Сытин привык к таким похвалам. Но всегда принимал их так, будто впервые услышал. Стал кланяться по-простецки и с униженными жестами сжал княжескую руку в двух своих.

— Вот мы тут к вам с предложением,— сказал он,— и можно договор хоть сейчас.

Руманов объяснил Кропоткину, в чем дело. Кропоткин взял у меня узкую полоску бумаги и долго рассматривал ее сквозь свои золотые очки. Потом вписал еще одно заглавие, кажется, «История русской литературы», которую я считал топорной и наивной книгой — и не включил в свой список.

— Только, верьте богу,— сказал Сытин, стилизуя себя под купца-простака (он был очень артистичен и охотно играл эту роль),— верьте богу, больше десяти тысяч мы при нынешних обстоятельствах дать не можем. Десять тысяч сейчас — при подписании,— и десять тысяч потом, когда определится подписка. Что делать? В прежнее время мы и по 60 тысяч давали, но сейчас, верьте богу и т. д.

Кропоткин слушал его очень спокойно и, когда он кончил, сказал:

— Видите ли, мы, анархисты, считаем безнравственным брать деньги за произведения ума человеческого. Я буду рад, если мои книги дойдут, наконец-то, до русских читателей. И этой радости мне вполне довольно. Предоставляю вам права на них — бесплатно.
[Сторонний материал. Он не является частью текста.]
(* Fix an integer $k\ge0$ and for $m\ge0$ let $S_m=(-1)^k\sum_{i=0}^{m}\binom{2k}{m-i}\binom{4k+i}{i}$. Then $S_0=(-1)^k$, $S_1=(-1)^k(6k+1)$, and for all $m\ge0$, \[ (m+2)S_{m+2}=(6k+1)S_{m+1}+(m+1+2k)S_m . \] Moreover, the sequence $T_m=\sum_{i=0}^{2k}(-1)^i\binom{m+k+i}{m+k-i}\binom{m+3k-i}{m-k+i}$ satisfies the same recurrence $(m+2)T_{m+2}=(6k+1)T_{m+1}+(m+1+2k)T_m$ for all $m\ge 0$, with $T_0=(-1)^k$ and $T_1=(-1)^k(6k+1)$.
   Context: Binomial coefficients $\binom{a}{b}$ with integer $a\ge0$ are taken to be $0$ when $b<0$ or $b>a$. *)

From HB Require Import structures.
From mathcomp Require Import all_boot all_order all_algebra.
Set Implicit Arguments. Unset Strict Implicit. Unset Printing Implicit Defensive.
Import Order.TTheory GRing.Theory Num.Theory.
Local Open Scope ring_scope.

(* Binomial coefficient C(a, b) with a : nat (a >= 0) and integer lower
   index b, taken to be 0 when b < 0 or b > a (the latter is built into 'C). *)
Definition binz (a : nat) (b : int) : int :=
  if b < 0 then 0 else ('C(a, `|b|%N))%:Z.

Definition Sseq (k m : nat) : int :=
  (-1) ^+ k * \sum_(i < m.+1) ('C(2 * k, m - i) * 'C(4 * k + i, i))%N%:Z.

Definition Tseq (k m : nat) : int :=
  \sum_(i < (2 * k).+1)
     (-1) ^+ i * binz (m + k + i)%N (m%:Z + k%:Z - i%:Z)
               * binz (m + 3 * k - i)%N (m%:Z - k%:Z + i%:Z).

From HB Require Import structures.
From mathcomp Require Import all_boot all_order all_algebra.
From mathcomp Require Import ring zify.
Import Order.TTheory GRing.Theory Num.Theory.
Local Open Scope ring_scope.

(* Both recurrences are proved by creative telescoping.  Reversing the sum,
   S_m = (-1)^k sum_j C(2k,j) C(4k+m-j,4k), and the recurrence operator applied
   to the j-th summand equals G(j+1) - G(j) for G(j) = -j C(2k,j) C(4k+m+1-j,4k-1).
   With n = m + k, T_m = sum_i (-1)^i C(n+i,2i) C(n+2k-i,4k-2i), and the operator
   applied to the i-th summand equals H(i+1) - H(i) for
   H(i) = -k (-1)^i C(n+i,2i-2) C(n+2k+1-i,4k-2i).  Each of these summand identities
   becomes a polynomial identity once the binomials are multiplied by a common
   factorial, which turns them into a falling factorial times a polynomial. *)

Lemma ffactnSrz (n m : nat) : (n ^_ m.+1)%N%:Z = (n ^_ m)%N%:Z * (n%:Z - m%:Z).
Proof.
rewrite ffactnSr PoszM; case: (leqP m n) => [le_mn | lt_nm]; first by rewrite subzn.
by rewrite ffact_small // !mul0r.
Qed.

Section BinomialTimesFactorial.

Variables N j : nat.
Local Notation X := (N ^_ j)%N%:Z.
Local Notation F := (j.+2)`!%:Z.

Lemma bin_ffact2 : 'C(N, j.+2)%:Z * F = X * ((N%:Z - j%:Z) * (N%:Z - j%:Z - 1)).
Proof. by rewrite -PoszM bin_ffact !ffactnSrz -addn1 PoszD; ring. Qed.

Lemma binS_ffact2 : 'C(N.+1, j.+2)%:Z * F = X * ((N%:Z + 1) * (N%:Z - j%:Z)).
Proof. by rewrite -PoszM bin_ffact ffactSS PoszM ffactnSrz -addn1 PoszD; ring. Qed.

Lemma binSS_ffact2 : 'C(N.+2, j.+2)%:Z * F = X * ((N%:Z + 2) * (N%:Z + 1)).
Proof. by rewrite -PoszM bin_ffact !ffactSS !PoszM -addn2 -addn1 !PoszD; ring. Qed.

Lemma bin_ffact1 : 'C(N, j.+1)%:Z * F = X * ((N%:Z - j%:Z) * (j%:Z + 2)).
Proof. by rewrite -PoszM factS mulnCA bin_ffact PoszM ffactnSrz -addn2 PoszD; ring. Qed.

Lemma binS_ffact1 : 'C(N.+1, j.+1)%:Z * F = X * ((N%:Z + 1) * (j%:Z + 2)).
Proof. by rewrite -PoszM factS mulnCA bin_ffact ffactSS !PoszM -addn2 -addn1 !PoszD; ring. Qed.

Lemma bin_ffact0 : 'C(N, j)%:Z * F = X * ((j%:Z + 2) * (j%:Z + 1)).
Proof. by rewrite -PoszM !factS mulnCA (mulnCA 'C(N, j)) bin_ffact !PoszM -addn2 -addn1 !PoszD; ring. Qed.

End BinomialTimesFactorial.

Lemma mul2_binSSn n : ('C(n.+2, n) * 2 = n.+2 * n.+1)%N.
Proof. by elim: n => [|n IHn] //; rewrite binS binSn mulnDl IHn; ring. Qed.

Lemma telescope_ord (V : zmodType) N (F : 'I_N -> V) (g : nat -> V) :
  (forall i : 'I_N, F i = g i.+1 - g i) -> \sum_(i < N) F i = g N - g 0%N.
Proof.
move=> eqF; rewrite (eq_bigr _ (fun i _ => eqF i)).
by rewrite -(big_mkord xpredT (fun i => g i.+1 - g i)) telescope_sumr.
Qed.

Lemma big_ord_window (V : zmodType) (h : nat -> V) N a b :
  (a <= b <= N)%N -> (forall i, (i < N)%N -> (i < a)%N || (b <= i)%N -> h i = 0) ->
  \sum_(i < N) h i = \sum_(a <= i < b) h i.
Proof.
move=> /andP[le_ab le_bN] h0.
have zero_on m n : (n <= N)%N -> (forall i, (m <= i < n)%N -> (i < a)%N || (b <= i)%N) ->
    \sum_(m <= i < n) h i = 0.
  move=> le_nN out; rewrite big_nat_cond big1 // => i /andP[/andP[le_mi lt_in] _].
  by apply: h0; [exact: leq_trans lt_in le_nN | apply: out; rewrite le_mi].
rewrite -(big_mkord xpredT) (@big_cat_nat _ _ _ a) ?(leq_trans le_ab) //=.
rewrite (@big_cat_nat _ _ _ b a) //= (zero_on 0%N a) ?(zero_on b N) ?add0r ?addr0 //.
- by move=> i /andP[->]; rewrite orbT.
- exact: leq_trans le_ab le_bN.
- by move=> i /andP[_ ->].
Qed.

Definition Ssum (k m : nat) : int :=
  \sum_(j < (2 * k).+1) ('C(2 * k, j) * 'C(4 * k + m - j, 4 * k))%N%:Z.

Lemma Sseq_Ssum k m : Sseq k m = (-1) ^+ k * Ssum k m.
Proof.
rewrite /Sseq /Ssum; congr (_ * _).
set h := fun j => ('C(2 * k, j) * 'C(4 * k + m - j, 4 * k))%N%:Z.
have h0 j : (m < j)%N || (2 * k < j)%N -> h j = 0.
  move=> out_j; rewrite /h; have [lt_2k_j | le_j_2k] := ltnP (2 * k) j.
    by rewrite bin_small.
  by rewrite (bin_small (n := 4 * k + m - j)) ?muln0 //; lia.
transitivity (\sum_(j < m.+1) h j).
  rewrite -(big_mkord xpredT (fun i => ('C(2 * k, m - i) * 'C(4 * k + i, i))%N%:Z)).
  rewrite big_rev_mkord subn0; apply: eq_bigr => j _; have lt_jm := ltn_ord j.
  rewrite /h subSS subKn // -[X in 'C(_ + _, X)](addKn (4 * k)) bin_sub ?leq_addr //.
  by rewrite addnBA.
rewrite (@big_ord_window _ h _ 0 (minn m.+1 (2 * k).+1)) ?geq_minl //; last first.
  by move=> j _; rewrite ltn0 geq_min => /h0.
rewrite (@big_ord_window _ h _ 0 (minn m.+1 (2 * k).+1)) ?geq_minr //.
by move=> j _; rewrite ltn0 geq_min => /h0.
Qed.

Lemma Ssum_term_rec k m j : (0 < k)%N -> (j <= 2 * k)%N ->
  (m + 2)%N%:Z * 'C(4 * k + m.+2 - j, 4 * k)%:Z
  - (6 * k + 1)%N%:Z * 'C(4 * k + m.+1 - j, 4 * k)%:Z
  - (m + 1 + 2 * k)%N%:Z * 'C(4 * k + m - j, 4 * k)%:Z
  = - (2 * k - j)%N%:Z * 'C(4 * k + m - j, 4 * k - 1)%:Z
    + j%:Z * 'C(4 * k + m.+1 - j, 4 * k - 1)%:Z.
Proof.
move=> k_gt0 le_j2k; set u := (4 * k + m - j)%N.
have [K eK] : exists K, (4 * k = K.+2)%N by exists (4 * k - 2)%N; lia.
have -> : (4 * k + m.+2 - j = u.+2)%N by rewrite /u; lia.
have -> : (4 * k + m.+1 - j = u.+1)%N by rewrite /u; lia.
have -> : (4 * k - 1 = K.+1)%N by lia.
have fact_neq0 : (K.+2)`!%:Z != 0 by rewrite eqz_nat -lt0n fact_gt0.
apply: (mulIf fact_neq0); rewrite eK !mulrBl !mulrDl -!mulrA.
rewrite binSS_ffact2 binS_ffact2 bin_ffact2 bin_ffact1 binS_ffact1.
have -> : u%:Z = 4 * k%:Z + m%:Z - j%:Z by rewrite /u; lia.
have -> : K%:Z = 4 * k%:Z - 2 by lia.
have -> : (2 * k - j)%N%:Z = 2 * k%:Z - j%:Z by lia.
rewrite !PoszD ?PoszM; ring.
Qed.

Lemma Ssum_rec k m :
  (m + 2)%N%:Z * Ssum k m.+2 = (6 * k + 1)%N%:Z * Ssum k m.+1 + (m + 1 + 2 * k)%N%:Z * Ssum k m.
Proof.
have [->|k_gt0] := posnP k.
  by rewrite /Ssum !big_ord1 !subn0 !bin0 !muln1 -!PoszM -PoszD; congr Posz; lia.
apply/eqP; rewrite -subr_eq0 opprD addrA /Ssum !mulr_sumr -!sumrB.
pose g j := - j%:Z * ('C(2 * k, j) * 'C(4 * k + m.+1 - j, 4 * k - 1))%N%:Z.
rewrite (@telescope_ord _ _ _ g); first by rewrite /g bin_small ?mul0n ?mulr0 ?subr0.
move=> [j lt_j] /=.
have bin_left : (j.+1)%:Z * 'C(2 * k, j.+1)%:Z = (2 * k - j)%N%:Z * 'C(2 * k, j)%:Z.
  by rewrite -!PoszM mul_bin_left.
transitivity ('C(2 * k, j)%:Z * ((m + 2)%N%:Z * 'C(4 * k + m.+2 - j, 4 * k)%:Z
  - (6 * k + 1)%N%:Z * 'C(4 * k + m.+1 - j, 4 * k)%:Z
  - (m + 1 + 2 * k)%N%:Z * 'C(4 * k + m - j, 4 * k)%:Z)); first by rewrite !PoszM; ring.
rewrite Ssum_term_rec // /g (_ : 4 * k + m.+1 - j.+1 = 4 * k + m - j)%N; last by lia.
transitivity (- ((j.+1)%:Z * 'C(2 * k, j.+1)%:Z) * 'C(4 * k + m - j, 4 * k - 1)%:Z
  + j%:Z * 'C(2 * k, j)%:Z * 'C(4 * k + m.+1 - j, 4 * k - 1)%:Z); last by rewrite !PoszM; ring.
by rewrite bin_left; ring.
Qed.

Lemma Sseq_rec k m :
  (m + 2)%N%:Z * Sseq k m.+2 = (6 * k + 1)%N%:Z * Sseq k m.+1 + (m + 1 + 2 * k)%N%:Z * Sseq k m.
Proof. by rewrite !Sseq_Ssum !(mulrCA _ ((-1) ^+ k)) -mulrDr Ssum_rec. Qed.

Lemma Sseq0 k : Sseq k 0 = (-1) ^+ k.
Proof. by rewrite /Sseq big_ord1 subnn !bin0 mulr1. Qed.

Lemma Sseq1 k : Sseq k 1 = (-1) ^+ k * (6 * k + 1)%N%:Z.
Proof.
rewrite /Sseq big_ord_recr big_ord1 /= subn0 subnn !bin1 !bin0 ?addn0 muln1 mul1n.
by rewrite -PoszD; congr (_ * Posz _); lia.
Qed.

Definition tbin (n r i : nat) : int := 'C(n + r + i, 2 * i)%:Z.

Definition tcert (n i : nat) : int := if i is i'.+1 then tbin n 1 i' else 0.

Lemma tbin_small n r i : (n + r < i)%N -> tbin n r i = 0.
Proof. by move=> lt_i; rewrite /tbin bin_small //; lia. Qed.

Lemma tbin_diag n r i : (n + r = i)%N -> tbin n r i = 1.
Proof. by move=> <-; rewrite /tbin addnn -mul2n binn. Qed.

Lemma binz_sub (a c : nat) : binz a (a%:Z - c%:Z) = 'C(a, c)%:Z.
Proof.
rewrite /binz; have [le_ca | lt_ac] := leqP c a.
  by rewrite subzn // ltz_nat ltn0 /= bin_sub.
by rewrite subr_lt0 ltz_nat lt_ac bin_small.
Qed.

Lemma Tseq_tbin k m r : Tseq k (m + r) =
  \sum_(i < (2 * k).+1) (-1) ^+ i * (tbin (m + k) r i * tbin (m + k) r (2 * k - i)).
Proof.
apply: eq_bigr => i _; have le_i2k : (i <= 2 * k)%N by rewrite -ltnS.
rewrite -mulrA /tbin; congr (_ * (_ * _)).
  have -> : (m + r)%N%:Z + k%:Z - i%:Z = (m + r + k + i)%N%:Z - (2 * i)%N%:Z by lia.
  by rewrite binz_sub; congr (Posz 'C(_, _)); lia.
have -> : (m + r)%N%:Z - k%:Z + i%:Z = (m + r + 3 * k - i)%N%:Z - (2 * (2 * k - i))%N%:Z by lia.
by rewrite binz_sub; congr (Posz 'C(_, _)); lia.
Qed.

Section TbinTimesFactorial.

Variables n i : nat.
Local Notation X := ((n + i.+1) ^_ (2 * i))%N%:Z.
Local Notation F := (2 * i).+2`!%:Z.
Local Notation x := n%:Z.
Local Notation t := i%:Z.

Let tbinE r : tbin n r i.+1 = 'C((n + i.+1) + r, (2 * i).+2)%:Z.
Proof. by rewrite /tbin; congr (Posz 'C(_, _)); lia. Qed.

Let sizeE : (n + i.+1)%N%:Z = x + t + 1.
Proof. by rewrite addnS -addn1 !PoszD. Qed.

Lemma tbin0_ffact : tbin n 0 i.+1 * F = X * ((x - t + 1) * (x - t)).
Proof. by rewrite tbinE addn0 bin_ffact2 sizeE PoszM; congr (_ * _); ring. Qed.

Lemma tbin1_ffact : tbin n 1 i.+1 * F = X * ((x + t + 2) * (x - t + 1)).
Proof. by rewrite tbinE addn1 binS_ffact2 sizeE PoszM; congr (_ * _); ring. Qed.

Lemma tbin2_ffact : tbin n 2 i.+1 * F = X * ((x + t + 3) * (x + t + 2)).
Proof. by rewrite tbinE addn2 binSS_ffact2 sizeE; congr (_ * _); ring. Qed.

Lemma tcert_ffact : tcert n i.+1 * F = X * ((2 * t + 2) * (2 * t + 1)).
Proof.
rewrite /= /tbin -addnA add1n bin_ffact0 PoszM.
by congr (_ * _); ring.
Qed.

End TbinTimesFactorial.

(* The T-recurrence operator applied to the summand a_i b_j (j = 2k - i), minus
   the telescoping correction; [a0 a1 a2 d] stand for [tbin n r i] (r = 0, 1, 2)
   and [tcert n i], and [b0 b1 b2 e] likewise for j. *)
Definition Tform (m k a0 a1 a2 d b0 b1 b2 e : int) : int :=
  (m + 2) * (a2 * b2) - (6 * k + 1) * (a1 * b1) - (m + 1 + 2 * k) * (a0 * b0)
  - k * (a1 * e + d * b1).

Lemma Tform_sym m k a0 a1 a2 d b0 b1 b2 e :
  Tform m k a0 a1 a2 d b0 b1 b2 e = Tform m k b0 b1 b2 e a0 a1 a2 d.
Proof. by rewrite /Tform; ring. Qed.

Lemma Tform_scale m k a0 a1 a2 d b0 b1 b2 e x y :
  Tform m k (a0 * x) (a1 * x) (a2 * x) (d * x) (b0 * y) (b1 * y) (b2 * y) (e * y)
  = Tform m k a0 a1 a2 d b0 b1 b2 e * (x * y).
Proof. by rewrite /Tform; ring. Qed.

Lemma Tform_tbin m k i j : (i + j = 2 * k)%N ->
  Tform m%:Z k%:Z (tbin (m + k) 0 i) (tbin (m + k) 1 i) (tbin (m + k) 2 i) (tcert (m + k) i)
                  (tbin (m + k) 0 j) (tbin (m + k) 1 j) (tbin (m + k) 2 j) (tcert (m + k) j) = 0.
Proof.
set n := (m + k)%N; have nE : n%:Z = m%:Z + k%:Z by rewrite PoszD.
have tbin_0 r : tbin n r 0 = 1 by rewrite /tbin muln0 bin0.
have fact_neq0 i' : (2 * i').+2`!%:Z != 0 by rewrite eqz_nat -lt0n fact_gt0.
have boundary j' : (j'.+1 = 2 * k)%N ->
    Tform m k 1 1 1 0 (tbin n 0 j'.+1) (tbin n 1 j'.+1) (tbin n 2 j'.+1) (tcert n j'.+1) = 0.
  move=> ej; apply: (mulIf (fact_neq0 j')); rewrite mul0r -[_`!%:Z]mul1r.
  rewrite -Tform_scale mul0r !mul1r tbin0_ffact tbin1_ffact tbin2_ffact tcert_ffact nE.
  have -> : j'%:Z = 2 * k%:Z - 1 by lia.
  by rewrite /Tform; ring.
case: i j => [|i] [|j] eij.
- have -> : k = 0%N by lia.
  by rewrite !tbin_0 /Tform /=; ring.
- by rewrite !tbin_0 boundary.
- by rewrite Tform_sym !tbin_0 boundary // -eij addn0.
apply: (mulIf (mulf_neq0 (fact_neq0 i) (fact_neq0 j))); rewrite mul0r -Tform_scale.
rewrite !tbin0_ffact !tbin1_ffact !tbin2_ffact !tcert_ffact nE.
have -> : j%:Z = 2 * k%:Z - 2 - i%:Z by lia.
by rewrite /Tform; ring.
Qed.

Lemma Tseq_rec k m :
  (m + 2)%N%:Z * Tseq k m.+2 = (6 * k + 1)%N%:Z * Tseq k m.+1 + (m + 1 + 2 * k)%N%:Z * Tseq k m.
Proof.
have := Tseq_tbin k m 0; have := Tseq_tbin k m 1; have := Tseq_tbin k m 2.
rewrite addn0 addn1 addn2 => -> -> ->; set n := (m + k)%N.
apply/eqP; rewrite -subr_eq0 opprD addrA !mulr_sumr -!sumrB.
pose g i := - k%:Z * (-1) ^+ i * (tcert n i * tcert n ((2 * k).+1 - i)).
rewrite (@telescope_ord _ _ _ g); first by rewrite /g subn0 subnn /= !mulr0 subr0.
move=> [i lt_i] /=; have le_i2k : (i <= 2 * k)%N by rewrite -ltnS.
have eij : (i + (2 * k - i) = 2 * k)%N by rewrite subnKC.
transitivity ((-1) ^+ i * (Tform m%:Z k%:Z (tbin n 0 i) (tbin n 1 i) (tbin n 2 i) (tcert n i)
    (tbin n 0 (2 * k - i)) (tbin n 1 (2 * k - i)) (tbin n 2 (2 * k - i)) (tcert n (2 * k - i))
  + k%:Z * (tbin n 1 i * tcert n (2 * k - i) + tcert n i * tbin n 1 (2 * k - i)))).
  by rewrite /Tform !PoszD ?PoszM; ring.
rewrite Tform_tbin // add0r /g subSS subSn //= exprS; ring.
Qed.

Lemma Tseq0 k : Tseq k 0 = (-1) ^+ k.
Proof.
have := Tseq_tbin k 0 0; rewrite !add0n => ->.
set h := fun i => (-1) ^+ i * (tbin k 0 i * tbin k 0 (2 * k - i)).
rewrite (@big_ord_window _ h _ k k.+1); first last.
- move=> i _; have [lt_ik _ | le_ki] := ltnP i k.
    by rewrite /h (@tbin_small k 0 (2 * k - i)) ?mulr0 //; lia.
  by rewrite orFb => lt_ki; rewrite /h tbin_small ?mul0r ?mulr0 //; lia.
- by apply/andP; split; lia.
by rewrite big_nat1 /h (_ : 2 * k - k = k)%N ?tbin_diag ?addn0 ?mulr1 //; lia.
Qed.

Lemma Tseq1 k : Tseq k 1 = (-1) ^+ k * (6 * k + 1)%N%:Z.
Proof.
have := Tseq_tbin k 0 1; rewrite !add0n => ->.
case: k => [|k']; first by rewrite big_ord1 /tbin !bin0.
set h := fun i => (-1) ^+ i * (tbin k'.+1 1 i * tbin k'.+1 1 (2 * k'.+1 - i)).
rewrite (@big_ord_window _ h _ k' (k'.+3)); first last.
- move=> i _; have [lt_ik' _ | le_k'i] := ltnP i k'.
    by rewrite /h (@tbin_small _ _ (2 * k'.+1 - i)) ?mulr0 //; lia.
  by rewrite orFb => lt_i; rewrite /h tbin_small ?mul0r ?mulr0 //; lia.
- by apply/andP; split; lia.
rewrite big_ltn; last by lia.
rewrite big_ltn; last by lia.
rewrite big_nat1 /h.
rewrite (_ : 2 * k'.+1 - k' = k'.+2)%N; last by lia.
rewrite (_ : 2 * k'.+1 - k'.+1 = k'.+1)%N; last by lia.
rewrite (_ : 2 * k'.+1 - k'.+2 = k')%N; last by lia.
rewrite (@tbin_diag _ _ k'.+2) ?addn1 //.
have tbin_succ : tbin k'.+1 1 k'.+1 = (2 * k'.+1).+1%:Z.
  by rewrite /tbin (_ : k'.+1 + 1 + k'.+1 = (2 * k'.+1).+1)%N ?binSn //; lia.
have tbin_succ2 : tbin k'.+1 1 k' * 2 = ((2 * k').+2 * (2 * k').+1)%N%:Z.
  by rewrite /tbin (_ : k'.+1 + 1 + k' = (2 * k').+2)%N -?PoszM ?mul2_binSSn //; lia.
transitivity ((-1) ^+ k' * (tbin k'.+1 1 k' * 2 - tbin k'.+1 1 k'.+1 * tbin k'.+1 1 k'.+1)).
  by rewrite !exprS; ring.
rewrite tbin_succ tbin_succ2 exprS mulN1r mulNr -mulrN; congr (_ * _); lia.
Qed.

Theorem mainTheorem13 (k : nat) :
  (Sseq k 0 = (-1) ^+ k /\
      Sseq k 1 = (-1) ^+ k * (6 * k + 1)%N%:Z /\
      (forall m : nat,
         (m + 2)%N%:Z * Sseq k m.+2
         = (6 * k + 1)%N%:Z * Sseq k m.+1 + (m + 1 + 2 * k)%N%:Z * Sseq k m) /\
      (forall m : nat,
         (m + 2)%N%:Z * Tseq k m.+2
         = (6 * k + 1)%N%:Z * Tseq k m.+1 + (m + 1 + 2 * k)%N%:Z * Tseq k m) /\
      Tseq k 0 = (-1) ^+ k /\
      Tseq k 1 = (-1) ^+ k * (6 * k + 1)%N%:Z).
Proof.
split; first exact: Sseq0.
split; first exact: Sseq1.
split; first exact: Sseq_rec.
split; first exact: Tseq_rec.
split; first exact: Tseq0.
exact: Tseq1.
Qed.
Сытин изменился в лице. Наскоро попрощавшись с князем, он быстрыми шагами пошел к автомобильчику, в котором мы приехали (Руманов каким-то чудом сохранил в неприкосновенности редакционный автомобильчик «Русского слова»). Автомобильчик скрежетал и вихлялся и подпрыгивал на выбоинах мостовой. Сытин долго молчал и только когда мы выехали на Каменноостровский проспект, сказал укоризненно и хмуро:

— Эх дура, даже денег не берет за свои книги. Видать, что книги — собачье дерьмо!

 

***

 

Между тем денежные дела у Кропоткина были далеко не блестящи. Содержал его в сущности некий Лебедев, мелкий газетный сотрудник, муж его дочери Саши. Старик отказывался от гонораров за свой писательский труд («Мы, анархисты») и не замечал, что живет на гонорар своего зятя. Лебедев лез из кожи, писал корреспонденции в английскую прессу, переводил какие-то декреты, но все же еле сводил концы с концами, а тут еще во время очередного обхода у него конфисковали последние запасы муки.

Сашу в Голландском доме я встречал редко. Встретил ее раз в канцелярии на Дворцовой площади; мы пришли туда зачем-то с Ал. Ал. Блоком, и она произвела на него очень большое впечатление.

 

Смех и брови, и голос светский

Этой древней Рюриковны.

 

Дальнейшей ее судьбы не знаю:

 

Болтали: там какой-то генерал,

А может быть, кто говорил соврал.

 

***

 

У Шагинян есть строчка:

 

Девы нет меня благоуханней.

 

Встретив ее, Куприн попросил:

 

Благоухни мне, как бутон.

 

***

 

К Блоку он обратился с такой же иронией. У Блока есть прелестный импрессионистический этюд:

 

В кабаках, в переулках, в извивах,

В электрическом сне наяву

Я искал бесконечно красивых

И бессмертно влюбленных в молву.

 

— Почему не в халву? — почтительно спросил он у Ал. Александровича.

 

***

 

Маяковский, тоскуя по биллиарду, часто приходил в Куоккале на дачу к Татьяне Александровне Богданович — играть с ее детьми в крокет. Я как сейчас слышу уверенный и веселый стук его молотка по шару. Он почти никогда не проигрывал. Ему было 23 года, гибкий, ловкий, он не давал своим партнерам ни одного шанса выиграть. Татьяна Александровна ждала гостей — Евгения Викторовича Тарле, Редьков. Она приготовила большой пирог с капустой. Разрезала его пополам и одну половину на восемь частей.

Поставила пирог на террасе и сказала:

— В. В., возьмите себе на террасе пирожок.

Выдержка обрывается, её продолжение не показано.